Impact Stories
Tapping on Citizen Science for Water Risk Data
One million residents in Kathmandu, Nepal, now have access to better water supply
One million residents in Kathmandu, Nepal, now have access to better water supply information after water utility provider, KUKL, adapted and adopted a solution presented by a multi-disciplinary team comprising researchers from NUS IPUR, Imperial College London and Nepal Engineering College. The research project introduced a mobile application, Networking Water Data (NWdata) in Kathmandu to enable citizen involvement in data collection and fill a critical data gap on piped water supply.
Inconsistent water supply, unaddressed concerns
Water is an essential necessity. For the majority of Kathmandu valley’s one million inhabitants, access to water is a daily struggle. Piped water supply from city water utility KUKL is unreliable, irregular and undrinkable – water flows to each household only for a few hours, once every few days. Pressure in the network is low and the water may not reach households farther out in the distribution network at all. The water they do receive is not safe to drink. To manage this uncertainty, people are obliged to install pumps and tanks for water storage and to sink their own wells and to purchase bottled water from vendors. Burdens are much greater for the poor, who cannot afford to these expenditures. They resort to buying small volumes of water at much higher prices from private tanker operators.

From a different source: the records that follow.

(* If [b^2 + 4 a >= 0] then [X^2 - b X - a = (X - r) (X - s)] with real [r, s],
   and [u *m B - s *: u] is either zero or an eigenvector for [r]. *)
Lemma quad_mx_disc u a b : u != 0 -> u *m quad_mx a b = 0 -> b ^+ 2 + 4 * a < 0.
Proof.
move=> u0; rewrite mulmx_quad_mx => /eqP; rewrite subr_eq0 subr_eq => /eqP uB2.
rewrite ltNge; apply/negP => disc_ge0; set sd := Num.sqrt (b ^+ 2 + 4 * a).
have sd2 : sd ^+ 2 = b ^+ 2 + 4 * a by rewrite sqr_sqrtr.
set r := (b + sd) / 2; set s := (b - sd) / 2.
have [w0|w0] := eqVneq (u *m B - s *: u) 0.
  move/eqP: u0; apply; apply: (eigenvector_eq0 hB (l := s)).
  by apply/eqP; rewrite -subr_eq0 w0.
move/eqP: w0; apply; apply: (eigenvector_eq0 hB (l := r)).
rewrite mulmxBl -scalemxAl uB2; move: (u *m B) => uB.
by apply/rowP => i; rewrite !mxE /r /s; nra.
Qed.

Hypothesis hinv : invariant_on_planes B.

Lemma invariant_quad_mx u : u != 0 -> exists a b, u *m quad_mx a b = 0.
Proof.
move=> /hinv/submxP [D]; rewrite -[D]hsubmxK mul_row_col.
rewrite [lsubmx D]mx11_scalar [rsubmx D]mx11_scalar !mul_scalar_mx => E.
by exists (lsubmx D 0 0), (rsubmx D 0 0); rewrite mulmx_quad_mx E -addrA -opprD subrr.
Qed.

(* Compare the coefficients of [u], [w] with those of [u + w]: the defect
   [v = u *m quad_mx a3 b3] lies both in [<u, u B>] and in [<w, w B>]. *)
Lemma invariant_quad_mx_const u w a1 b1 a2 b2 : u != 0 -> w != 0 ->
  u *m quad_mx a1 b1 = 0 -> w *m quad_mx a2 b2 = 0 -> a1 = a2 /\ b1 = b2.
Proof.
move=> u0 w0 Q1 Q2; have [uw0|uw0] := eqVneq (u + w) 0.
  apply: quad_mx_uniq u0 Q1 _; apply: oppr_inj; rewrite oppr0 -mulNmx.
  by rewrite (_ : - u = w) //; apply/eqP; rewrite eq_sym -addr_eq0 addrC uw0.
have [a3 [b3 Q3]] := invariant_quad_mx uw0; set v := u *m quad_mx a3 b3.
have Ev : v = (a1 - a3) *: u + (b1 - b3) *: (u *m B) by rewrite -quad_mxB Q1 subr0.
have Ew : w *m quad_mx a3 b3 = - v.
  by apply/eqP; rewrite -addr_eq0 /v -mulmxDl addrC Q3.
have Ev' : - v = (a2 - a3) *: w + (b2 - b3) *: (w *m B).
  by rewrite -quad_mxB Q2 subr0.
have [v0|v0] := eqVneq v 0.
  have Q3w : w *m quad_mx a3 b3 = 0 by rewrite Ew v0 oppr0.
  by have [-> ->] := quad_mx_uniq u0 Q1 v0; have [-> ->] := quad_mx_uniq w0 Q2 Q3w.
apply: quad_mx_uniq v0 _ _; first by rewrite Ev; exact: quad_mx_comb.
by apply: oppr_inj; rewrite oppr0 -mulNmx Ev'; exact: quad_mx_comb.
Qed.

Lemma invariant_quad_rel : exists a b,
  (forall u, u *m B *m B = a *: u + b *: (u *m B)) /\ b ^+ 2 + 4 * a < 0.
Proof.
have [n0|n_gt0] := posnP n.
  exists (-1), 0; split; last by lra.
  by move=> u; apply/rowP => i; have := ltn_ord i; rewrite {2}n0.
pose e : 'rV[R]_n := const_mx 1.
have e0 : e != 0.
  by apply/eqP => /rowP /(_ (Ordinal n_gt0)); rewrite !mxE => /eqP; rewrite oner_eq0.
have [a [b Q0]] := invariant_quad_mx e0.
exists a, b; split; last exact: quad_mx_disc e0 Q0.
move=> u; apply/eqP; rewrite -subr_eq0 opprD addrA -mulmx_quad_mx.
have [->|u0] := eqVneq u 0; first by rewrite mul0mx.
have [a' [b' Q']] := invariant_quad_mx u0.
by have [-> ->] := invariant_quad_mx_const e0 u0 Q0 Q'; rewrite Q'.
Qed.

End PlaneInvariance.

Theorem proposition6p3 (R : realType) (m : nat) (B : 'M[R]_(2 * m)) :
  no_real_eigenvalue B ->
  (corresponds_to_gcf B <-> invariant_on_planes B).
Proof.
move=> hB; split=> [[Phi [gcf _ Phi_lines]] u u0|hinv]; last first.
  have [a [b [B2 disc]]] := invariant_quad_rel hB hinv.
  exact: corresponds_to_gcf_liftK B2 disc.
set v := u *m B; set U := vec u 0 0; set V := vec v 0 0.
have v0 : v != 0.
  by apply: contra_neq u0 => vB; apply: (eigenvector_eq0 hB (l := 0)); rewrite scale0r.
have U0 : U != 0 by apply: contra_neq u0 => /vec_eq0 [].
have V0 : V != 0 by apply: contra_neq v0 => /vec_eq0 [].
have [c1 [c1_gt0 E1]] := gcf_equator_fiber hB gcf Phi_lines u0.
have [c2 [c2_gt0 E2]] := gcf_equator_fiber hB gcf Phi_lines v0.
have same_fiber : Phi (unitv V) = Phi (unitv U).
  apply: (gcf_fiber_unitv (q := U) (c := - c1) gcf (sphere_unitv U0) _ V0).
  by rewrite E1 bivecC scalerN scaleNr.
have [al [be E]] : exists al be, vec (v *m B) 0 0 = al *: U + be *: V.
  apply: (bivec_span (c := c1 / c2) V0); apply: (scalerI (lt0r_neq0 c2_gt0)).
  by rewrite -E2 same_fiber E1 scalerA mulrCA divff ?mulr1 // lt0r_neq0.
move: E; rewrite !vecZ vecD !mulr0 addr0 => /vec_inj [-> _ _].
exact: comb_submx_col_mx.
Qed.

This situation imposes a high psychological burden. Apart from worrying about availability, residents have to plan their time around highly disruptive delivery schedules. They need to be physically present at home to switch on the pump during those hours in the day or night when water is supplied to the network, to ensure that they can fill their tank to last them until the next supply slot.
Essential data such as which households actually receive water and what volume they use remains largely unavailable, feeding uncertainty and exacerbating inequalities. Water quality is tested only when it leaves the treatment plant: utility KUKL has a small, understaffed lab which does not have the capacity to test water quality across the network. If customers go to the utility offices to file complaints, they lack a reliable record to ground their case. Customer service feedback is not collated or analysed so it is difficult for managers to spot patterns and to use this information to plan and prioritise network maintenance and repair. With limited human and financial resources, KUKL is unable to improve data collection on water supply.
In developing countries like Nepal with scarce resources, data are sorely needed to ground management and investment decisions, to incentivise managers and empower citizens to demand better services, efficient and equitable access.
Guided by scientists, supported by citizens
Dr. Olivia Jensen, IPUR’s Lead Scientist for Climate & Environment, and Ms. Laure Sione, from Imperial College London’s Centre for Doctoral Training in Sustainable Civil Engineering at Imperial College London, collaborated on an action research project to make water safer for the residents of Kathmandu, Nepal.
Doctoral candidate Laure worked with a team at Imperial to develop a mobile application which would allow users to log their times of supply systematically. This data is stored so that they can be used for analysis. The application, NWdata developed by Laure and her colleagues was piloted in Kathmandu in 2019.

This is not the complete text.